BARE (without clothes or covering): There was a BARE spot on the floor where the carpet had worn through.
BEAR (the animal, to endure) The BEAR ambled away into the woods.
The news was almost too much to BEAR.
Past participles (often not used):
GO Present: Let’s GO to the store.
Past: He WENT to the store.
Past part: He should have GONE to the store.
DO Present: Please DO your homework
Past: She DID her homework before dinner.
Past part. He should have DONE his homework yesterday.
RUN Present: Let’s RUN over to Julie’s house.
Past: He RAN to the store.
Past part: He could have RUN a better race.
Future: Internal PCI scans will be RUN later today.
FORGET Present: Don’t FORGET to bring the salad.
Past: I FORGOT to lock the door.
Past part: I might have FORGOTTEN to tell him about the meeting.
Other wrong words:
Should of, could of: Incorrect
Should have, could have: Correct
I should HAVE cut the grass yesterday
He could HAVE scored on the single.
Apostrophes should only be used to indication possession, never plurals:
Incorrect: She has two brother’s.
Correct: She has two BROTHERS. (plural)
Correct: I borrowed my BROTHER'S lawn mower. (possession)
Lie / Lay
LAY is a transitive verb. It requires an object. If there is no object, you should probably use LIE. Please LAY the coats on the bed. COATS is the object.
LIE is a reflexive verb. Implicitly, you are the object. English does not show this. Romance languages do. Please LIE down and take a nap.
Here is the confusion: LAY is also the past tense of LIE! So this is correct: He LAY down and took a nap earlier this afternoon.
Missing ‘to be’ in verbs:
Incorrect: My grass needs cut.
Correct: My grass needs TO BE cut.
Just think, if Shakespeare hadn't known this his famous soliloquy would merely have been “or not”!
I saw this on a T-shirt:
Grammar: The difference between
Feeling YOU'RE nuts
and
Feeling YOUR nuts
!!!
Doesn't mean what you think it means
Misuse of this one word has ruined many marvelous stories you've written
then/than; everyday/every day; straitjacket; 'til/until/till; breath/breathe; a/an; why/while; yeah/yea; lose/loss/loose; this & that kind/these & those kinds; It would be appreciated if/Please or I'd appreciate; who/whom; I/me!!!; he/him. she/her.
Here's a one-of-a-kind I saw yesterday: "...is in it?"

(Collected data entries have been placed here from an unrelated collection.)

(* Let $k\ge1$ channels and $n>k$ players, each with one packet, under ternary feedback. Under protocol SOP — in every slot $t\ge1$, when $m$ players are pending ($1\le m\le n$), every pending player transmits on each channel with probability $1/\max\{m,k\}$ and stays idle with the remaining probability, independently — the expected finishing time (the first slot by which all players have transmitted successfully) is $O((n-k)/k)$.
   Context: In each slot, a player transmitting alone on a channel succeeds and leaves; two or more players transmitting on the same channel collide and remain pending. Ternary feedback: every pending player knows the current number $m$ of pending players in every slot. *)

From HB Require Import structures.
From mathcomp Require Import all_boot all_order all_algebra.
From mathcomp Require Import reals.
Set Implicit Arguments. Unset Strict Implicit. Unset Printing Implicit Defensive.
Import Order.TTheory GRing.Theory Num.Theory.
Local Open Scope ring_scope.

Section SOP.
Variable R : realType.

(* Action of one pending player in a slot when m players are pending:
   [Some j] = transmit on channel j (prob 1/max(m,k) each),
   [None]   = stay idle (remaining probability). *)
Definition act_prob (k m : nat) (a : option 'I_k) : R :=
  match a with
  | Some _ => 1 / (maxn m k)%:R
  | None => 1 - k%:R / (maxn m k)%:R
  end.

Definition config_prob (k m : nat) (f : {ffun 'I_m -> option 'I_k}) : R :=
  \prod_(i < m) @act_prob k m (f i).

Definition successes (k m : nat) (f : {ffun 'I_m -> option 'I_k}) : nat :=
  #|[set j : 'I_k | #|[set i : 'I_m | f i == Some j]| == 1%N]|.

Definition trans (k m m' : nat) : R :=
  \sum_(f : {ffun 'I_m -> option 'I_k} | (m - @successes k m f)%N == m') @config_prob k m f.

(* alive k n t m = probability that after t slots the protocol has not yet
   finished (some player still pending at every slot so far) and exactly m
   players are pending; start: n pending players. *)
Fixpoint alive (k n t m' : nat) {struct t} : R :=
  match t with
  | 0 => (m' == n)%:R
  | t.+1 => if m' == 0%N then 0
            else \sum_(1 <= m < n.+1) alive k n t m * trans k m m'
  end.

(* P(T > t), T = finishing time (first slot by which all players succeeded). *)
Definition tail_prob (k n t : nat) : R := \sum_(1 <= m < n.+1) alive k n t m.

(* Partial sums of E[T] = sum_{t >= 0} P(T > t). *)
Definition expected_time_partial (k n N : nat) : R :=
  \sum_(t < N) tail_prob k n t.

End SOP.

From HB Require Import structures.
From mathcomp Require Import all_boot all_order all_algebra.
From mathcomp Require Import reals.
From mathcomp Require Import zify.
From mathcomp.algebra_tactics Require Import ring lra.
Import Order.TTheory GRing.Theory Num.Theory.
Set Implicit Arguments. Unset Strict Implicit. Unset Printing Implicit Defensive.
Local Open Scope ring_scope.

(* With m players pending, each of the k channels carries exactly one
   transmitter with probability m p (1 - p)^(m-1), where p = 1/max(m,k); as
   (1 - 1/M)^(M-1) >= 1/4, a slot has at least min(m,k)/4 successes in
   expectation.  Each success lowers the potential V(m) = 4 (m/k + min(m,k)) by
   at least 4/min(m,k), so while some player is pending the potential of the
   number of pending players drops by at least 1 in expectation per slot.
   Hence E[V(M_t); T > t] decreases by at least P(T > t) at every step, and
   E[T] = sum_t P(T > t) <= V(n) = 4 (n/k + k), which is at most 8 (n - k)/k
   once n >= k^2 + 2k. *)

Lemma big_option (V : nmodType) (T : finType) (F : option T -> V) :
  \sum_(a : option T) F a = F None + \sum_(j : T) F (Some j).
Proof.
rewrite (bigD1 None) //= (reindex_omap Some id) //=; last by case.
by congr (_ + _); apply: eq_bigl => j; rewrite eqxx.
Qed.

Section RealFieldFacts.
Variable R : realFieldType.

Lemma sum_le_of_potential (a Phi : nat -> R) (N : nat) :
  (forall t, 0 <= Phi t) -> (forall t, Phi t.+1 <= Phi t - a t) ->
  \sum_(t < N) a t <= Phi 0%N.
Proof.
move=> Phi_ge0 Phi_step; suff : \sum_(t < N) a t <= Phi 0%N - Phi N.
  by have := Phi_ge0 N; lra.
elim: N => [|N IH]; first by rewrite big_ord0 subrr.
by rewrite big_ord_recr /=; have := Phi_step N; lra.
Qed.

Lemma bernoulli_ineq (x : R) (n : nat) : x <= 1 ->
  1 - n%:R * x <= (1 - x) ^+ n.
Proof.
move=> x_le1; elim: n => [|n IHn]; first by rewrite expr0 mul0r subr0.
rewrite exprSr -natr1.
have : 0 <= ((1 - x) ^+ n - (1 - n%:R * x)) * (1 - x) by rewrite mulr_ge0 ?subr_ge0.
have : 0 <= n%:R * x * x by rewrite -mulrA mulr_ge0 // -expr2 sqr_ge0.
nra.
Qed.

Lemma exp_one_sub_inv_ge_quarter (M : nat) : (0 < M)%N ->
  1 / 4 <= (1 - 1 / M%:R) ^+ M.-1 :> R.
Proof.
move=> M_gt0; have M_pos : 0 < M%:R :> R by rewrite ltr0n.
have inv_le1 : 1 / M%:R <= 1 :> R by rewrite ler_pdivrMr // mul1r ler1n.
have half_le c : (2 * c <= M)%N -> 1 / 2 <= (1 - 1 / M%:R) ^+ c :> R.
  move=> cM; apply: le_trans _ (bernoulli_ineq c inv_le1).
  have : c%:R / M%:R <= 1 / 2 :> R.
    rewrite ler_pdivrMr //; have : (c * 2)%:R <= M%:R :> R by rewrite ler_nat mulnC.
    by rewrite natrM; lra.
  by rewrite mulrA mulr1; lra.
have -> : M.-1 = ((M.-1 %/ 2) + (M.-1 - M.-1 %/ 2))%N by lia.
rewrite exprD; have -> : 1 / 4 = 1 / 2 * (1 / 2) :> R by field.
by apply: ler_pM; rewrite ?divr_ge0 ?half_le //; lia.
Qed.

End RealFieldFacts.

Section IndicatorSums.
Variable R : comPzSemiRingType.

Lemma natr_card_set (T : finType) (P : pred T) :
  #|[set x | P x]|%:R = \sum_x (P x)%:R :> R.
Proof.
rewrite -sum1_card natr_sum big_mkcond; apply: eq_bigr => x _.
by rewrite inE; case: (P x).
Qed.

Lemma natr_card_eq1 (T : finType) (A : {set T}) :
  (#|A| == 1)%N%:R = \sum_x (A == [set x])%:R :> R.
Proof.
case: cards1P => [[x ->]|A_not1]; last first.
  by rewrite big1 // => x _; case: eqP => // Ax; case: A_not1; exists x.
rewrite (bigD1 x) //= eqxx big1 ?addr0 // => y yx.
by case: eqP => // /setP /(_ x); rewrite !inE eqxx eq_sym (negbTE yx).
Qed.

Lemma prodr_natb (I : finType) (b : pred I) :
  \prod_i (b i)%:R = [forall i, b i]%:R :> R.
Proof.
case: (boolP [forall i, b i]) => [/forallP b_all|].
  by rewrite big1 // => i _; rewrite b_all.
by rewrite negb_forall => /existsP [i /negbTE b_i]; rewrite (bigD1 i) //= b_i mul0r.
Qed.

End IndicatorSums.

Section SOP.
Variables (R : realType) (k : nat).
Hypothesis k_gt0 : (0 < k)%N.

Local Notation config m := {ffun 'I_m -> option 'I_k}.
Local Notation ptx m := (1 / (maxn m k)%:R : R).

Lemma ptx_gt0 m : 0 < ptx m.
Proof. by rewrite divr_gt0 // ltr0n; lia. Qed.

Lemma ptx_le1 m : ptx m <= 1.
Proof. by rewrite ler_pdivrMr ?mul1r ?ler1n ?ltr0n; lia. Qed.

Lemma act_prob_ge0 m a : 0 <= @act_prob R k m a.
Proof.
case: a => [j|] /=; first exact: ltW (ptx_gt0 m).
rewrite subr_ge0 ler_pdivrMr ?mul1r ?ler_nat ?ltr0n; lia.
Qed.

Lemma act_prob_sum1 m : \sum_a @act_prob R k m a = 1.
Proof. by rewrite big_option /= sumr_const card_ord; ring. Qed.

Lemma config_prob_ge0 m (f : config m) : 0 <= config_prob R f.
Proof. by apply: prodr_ge0 => i _; apply: act_prob_ge0. Qed.

Lemma config_prob_sum1 m : \sum_(f : config m) config_prob R f = 1.
Proof.
rewrite /config_prob -(bigA_distr_bigA (fun i a => @act_prob R k m a)) /=.
by apply: big1 => i _; apply: act_prob_sum1.
Qed.

Lemma act_prob_hit m (j : 'I_k) :
  \sum_a @act_prob R k m a * (a == Some j)%:R = ptx m.
Proof.
rewrite (bigD1 (Some j)) //= eqxx mulr1 big1 ?addr0 // => a /negbTE ->.
by rewrite mulr0.
Qed.

Lemma act_prob_miss m (j : 'I_k) :
  \sum_a @act_prob R k m a * (a != Some j)%:R = 1 - ptx m.
Proof.
have miss a : act_prob R m a * (a != Some j)%:R =
    act_prob R m a - act_prob R m a * (a == Some j)%:R.
  by case: (a == Some j); rewrite ?mulr0 ?mulr1 ?subr0 ?subrr.
by rewrite (eq_bigr _ (fun a _ => miss a)) sumrB act_prob_sum1 act_prob_hit.
Qed.

Lemma successes_le m (f : config m) : (successes f <= m)%N.
Proof.
rewrite /successes -(card_imset _ (@Some_inj _)).
apply: (@leq_trans #|f @: 'I_m|); last first.
  by rewrite (leq_trans (leq_imset_card _ _)) ?card_ord.
apply: subset_leq_card.
apply/subsetP => x /imsetP [j]; rewrite inE => /cards1P [i f_j] ->.
have : i \in [set i | f i == Some j] by rewrite f_j set11.
by rewrite inE => /eqP <-; apply: imset_f.
Qed.

Lemma successesE m (f : config m) :
  (successes f)%:R = \sum_(j : 'I_k) \sum_(i0 : 'I_m)
     \prod_i ((f i == Some j) == (i == i0))%:R :> R.
Proof.
rewrite natr_card_set; apply: eq_bigr => j _.
rewrite natr_card_eq1; apply: eq_bigr => i0 _; rewrite prodr_natb.
congr (_%:R); congr (nat_of_bool _).
apply/eqP/forallP => [/setP f_j i | f_j].
  by move: (f_j i); rewrite !inE => ->.
by apply/setP => i; rewrite !inE (eqP (f_j i)).
Qed.

Lemma unique_transmitter_prob m (j : 'I_k) (i0 : 'I_m) :
  \sum_(f : config m)
     config_prob R f * \prod_i ((f i == Some j) == (i == i0))%:R
  = ptx m * (1 - ptx m) ^+ m.-1.
Proof.
pose F i a := @act_prob R k m a * ((a == Some j) == (i == i0))%:R.
transitivity (\prod_i \sum_a F i a).
  rewrite (bigA_distr_bigA F); apply: eq_bigr => f _.
  by rewrite /config_prob -big_split.
rewrite (bigD1 i0) //= {1}/F; under eq_bigr do rewrite eqxx eqb_id.
rewrite act_prob_hit; congr (_ * _).
rewrite (eq_bigr (fun=> 1 - ptx m)) => [|i /negbTE i_i0].
  by rewrite prodr_const cardC1 card_ord.
by rewrite /F; under eq_bigr do rewrite i_i0 eqbF_neg; apply: act_prob_miss.
Qed.

Lemma expected_successes m :
  \sum_(f : config m) config_prob R f * (successes f)%:R
  = (k * m)%:R * (ptx m * (1 - ptx m) ^+ m.-1).
Proof.
under eq_bigr do rewrite successesE mulr_sumr; rewrite exchange_big /=.
under eq_bigr do under eq_bigr do rewrite mulr_sumr.
under eq_bigr do rewrite exchange_big /=.
under eq_bigr do under eq_bigr do rewrite unique_transmitter_prob.
by rewrite !sumr_const !card_ord -mulrnA [RHS]mulr_natl mulnC.
Qed.

Lemma expected_successes_ge m : (0 < m)%N ->
  (minn m k)%:R / 4 <=
  \sum_(f : config m) config_prob R f * (successes f)%:R.
Proof.
move=> m_gt0; rewrite expected_successes mulrA.
have -> : (k * m)%:R * ptx m = (minn m k)%:R.
  have M_neq0 : (maxn m k)%:R != 0 :> R by rewrite pnatr_eq0; lia.
  have -> : (k * m = minn m k * maxn m k)%N by lia.
  by rewrite natrM mul1r mulfK.
rewrite -[X in X / 4]mulr1 -mulrA; apply: ler_wpM2l => //.
apply: le_trans (@exp_one_sub_inv_ge_quarter R (maxn m k) _) _; first lia.
apply: ler_wiXn2l; last lia.
  by rewrite subr_ge0 ptx_le1.
by rewrite gerBl ltW ?ptx_gt0.
Qed.

Definition potential (m : nat) : R := 4 * (m%:R / k%:R + (minn m k)%:R).

Lemma potential_ge0 m : 0 <= potential m.
Proof. by rewrite mulr_ge0 ?addr_ge0 ?divr_ge0. Qed.

Lemma potential0 : potential 0 = 0.
Proof. by rewrite /potential min0n mul0r addr0 mulr0. Qed.

Lemma potential_sub_le m s : (0 < m)%N -> (s <= m)%N ->
  potential (m - s) <= potential m - 4 * s%:R / (minn m k)%:R.
Proof.
move=> m_gt0 s_le_m; have k_pos : 0 < k%:R :> R by rewrite ltr0n.
have s_div_k_ge0 : 0 <= s%:R / k%:R :> R by rewrite divr_ge0.
rewrite /potential natrB // mulrBl; case: (leqP m k) => [m_le_k | k_lt_m].
  have -> : minn (m - s) k = (m - s)%N by lia.
  rewrite natrB //.
  have : s%:R / m%:R <= s%:R :> R.
    by rewrite ler_pdivrMr ?ltr0n // ler_peMr // ler1n.
  lra.
have : (minn (m - s) k)%:R <= k%:R :> R by rewrite ler_nat geq_minr.
lra.
Qed.

Lemma potential_drift m : (0 < m)%N ->
  \sum_(f : config m) config_prob R f * potential (m - successes f)
  <= potential m - 1.
Proof.
move=> m_gt0; pose c : R := 4 / (minn m k)%:R.
pose E := \sum_(f : config m) config_prob R f * (successes f)%:R.
have min_pos : 0 < (minn m k)%:R :> R by rewrite ltr0n; lia.
have linearity : potential m - c * E =
    \sum_(f : config m) config_prob R f * (potential m - c * (successes f)%:R).
  rewrite /E mulr_sumr -[in LHS](mul1r (potential m)).
  rewrite -[X in X * potential m](config_prob_sum1 m) mulr_suml -sumrB.
  by apply: eq_bigr => f _; ring.
apply: (@le_trans _ _ (potential m - c * E)).
  rewrite linearity; apply: ler_sum => f _.
  apply: ler_wpM2l; first exact: config_prob_ge0.
  by rewrite /c mulrAC; apply: potential_sub_le => //; apply: successes_le.
have -> : 1 = c * ((minn m k)%:R / 4) by rewrite /c; field; rewrite gt_eqF.
rewrite lerD2l lerN2 ler_pM2l ?divr_gt0 //; exact: expected_successes_ge.
Qed.

Lemma trans_expect m n (g : nat -> R) : (m <= n)%N ->
  \sum_(0 <= m' < n.+1) trans R k m m' * g m'
  = \sum_(f : config m) config_prob R f * g (m - successes f)%N.
Proof.
move=> m_le_n; rewrite /trans.
under eq_bigr => m' _ do rewrite big_distrl /= big_mkcond /=.
rewrite exchange_big /=; apply: eq_bigr => f _.
rewrite -big_mkcond /= (eq_bigl (fun m' => m' == (m - successes f)%N)) => [|m'].
  by rewrite big_nat1_eq ifT //; have := successes_le f; lia.
by rewrite eq_sym.
Qed.

Lemma alive_ge0 n t m : 0 <= alive R k n t m.
Proof.
elim: t m => [|t IHt] m /=; first by rewrite ler0n.
case: eqP => // _; apply: sumr_ge0 => m' _; apply: mulr_ge0 => //.
by apply: sumr_ge0 => f _; apply: config_prob_ge0.
Qed.

Definition alive_potential (n t : nat) : R :=
  \sum_(1 <= m < n.+1) alive R k n t m * potential m.

Lemma alive_potential_ge0 n t : 0 <= alive_potential n t.
Proof. by apply: sumr_ge0 => m _; rewrite mulr_ge0 ?alive_ge0 ?potential_ge0. Qed.

Lemma alive_potential0 n : (0 < n)%N -> alive_potential n 0 = potential n.
Proof.
move=> n_gt0; rewrite /alive_potential big_nat_recr //= eqxx mul1r.
rewrite big1_seq ?add0r // => m /andP [_]; rewrite mem_index_iota => /andP [_ m_lt_n].
by rewrite (ltn_eqF m_lt_n) mul0r.
Qed.

Lemma alive_potential_step n t :
  alive_potential n t.+1 <= alive_potential n t - tail_prob R k n t.
Proof.
have -> : alive_potential n t.+1 = \sum_(1 <= m < n.+1) alive R k n t m *
    \sum_(f : config m) config_prob R f * potential (m - successes f).
  transitivity (\sum_(1 <= m' < n.+1) \sum_(1 <= m < n.+1)
      alive R k n t m * (trans R k m m' * potential m')).
    apply: eq_big_nat => m' /andP [m'_gt0 _] /=; rewrite (negbTE (lt0n_neq0 m'_gt0)).
    by rewrite mulr_suml; apply: eq_bigr => m _; rewrite mulrA.
  rewrite exchange_big /=; apply: eq_big_nat => m /andP [_ /ltnSE m_le_n].
  rewrite -mulr_sumr -(trans_expect potential m_le_n).
  by rewrite [in RHS](@big_ltn _ _ _ 0) // potential0 mulr0 add0r.
rewrite /alive_potential /tail_prob -sumrB; apply: ler_sum_nat => m /andP [m_gt0 _].
by rewrite -[X in _ - X]mulr1 -mulrBr ler_wpM2l ?alive_ge0 ?potential_drift.
Qed.

Lemma expected_time_partial_le n N : (0 < n)%N ->
  expected_time_partial R k n N <= potential n.
Proof.
move=> n_gt0; rewrite -alive_potential0 //.
apply: sum_le_of_potential => t; first exact: alive_potential_ge0.
exact: alive_potential_step.
Qed.

Lemma potential_le n : (k * k + 2 * k <= n)%N ->
  potential n <= 8 * ((n - k)%:R / k%:R).
Proof.
move=> n_large; have k_pos : 0 < k%:R :> R by rewrite ltr0n.
have gap : 0 <= n%:R - (k%:R * k%:R + 2 * k%:R) :> R.
  by rewrite subr_ge0 -natrM -(natrM _ 2) -natrD ler_nat.
rewrite /potential (_ : minn n k = k); last by lia.
rewrite natrB; last by lia.
rewrite -subr_ge0 (_ : _ - _ = 4 * ((n%:R - (k%:R * k%:R + 2 * k%:R)) / k%:R)).
  by rewrite mulr_ge0 // divr_ge0 // ltW.
by field; rewrite gt_eqF.
Qed.

End SOP.

Theorem lemma9 (R : realType) :
  exists C : R, 0 < C /\
  forall k : nat, (1 <= k)%N ->
  exists N0 : nat, forall n : nat, (N0 <= n)%N -> (k < n)%N ->
  forall N : nat,
    expected_time_partial R k n N <= C * ((n - k)%:R / k%:R).
Proof.
exists 8; split => // k k_gt0; exists (k * k + 2 * k)%N => n n_large _ N.
apply: le_trans _ (potential_le R k_gt0 n_large).
by apply: expected_time_partial_le; lia.
Qed.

I applaud your efforts, a depressing number of writers desperately need such a list to avoid the most common offenders.
It is no substitute for a fresh pair of eyes though, someone else's, or you own by forcing your brain to read what's actually there rather than what it expects, it can be accomplished in several ways:
-Putting a chapter aside for a while, at least a few days perhaps even a few weeks, so you can look at it anew.
-Forcing yourself to read slower than your normal reading speed when proofreading.
-Reading it out aloud to yourself or someone else.
-Printing it out, people tend to notice details more easily when on paper rather than on a screen.
A few general approaches to keeping your English skills sharp
-Making sure you read more published writing than amateur one, so that you don't sabotage your internal spellchecker.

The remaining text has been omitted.